• EXERCISE DATA
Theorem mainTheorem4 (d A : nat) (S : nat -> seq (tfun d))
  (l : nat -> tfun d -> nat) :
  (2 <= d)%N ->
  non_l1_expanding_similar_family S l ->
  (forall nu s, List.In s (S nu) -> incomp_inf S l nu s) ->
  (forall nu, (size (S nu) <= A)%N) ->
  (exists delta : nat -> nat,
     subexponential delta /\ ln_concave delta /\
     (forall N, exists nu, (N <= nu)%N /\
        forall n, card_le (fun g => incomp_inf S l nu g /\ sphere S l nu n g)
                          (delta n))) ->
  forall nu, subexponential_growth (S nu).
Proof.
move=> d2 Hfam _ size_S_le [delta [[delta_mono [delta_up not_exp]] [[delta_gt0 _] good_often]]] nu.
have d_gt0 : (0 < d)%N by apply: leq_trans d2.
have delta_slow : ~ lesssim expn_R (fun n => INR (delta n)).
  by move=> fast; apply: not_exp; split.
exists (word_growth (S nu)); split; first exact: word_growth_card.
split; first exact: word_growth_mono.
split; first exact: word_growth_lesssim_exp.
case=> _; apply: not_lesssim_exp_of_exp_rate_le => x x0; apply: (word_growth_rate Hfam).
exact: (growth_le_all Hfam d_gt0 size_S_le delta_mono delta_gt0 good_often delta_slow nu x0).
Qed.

• DIRECTIONS FOR THIS TASK
Show the lines of the entries that include the string "tfun", copying each in full.

• RESULT BELOW
Theorem mainTheorem4 (d A : nat) (S : nat -> seq (tfun d))
  (l : nat -> tfun d -> nat) :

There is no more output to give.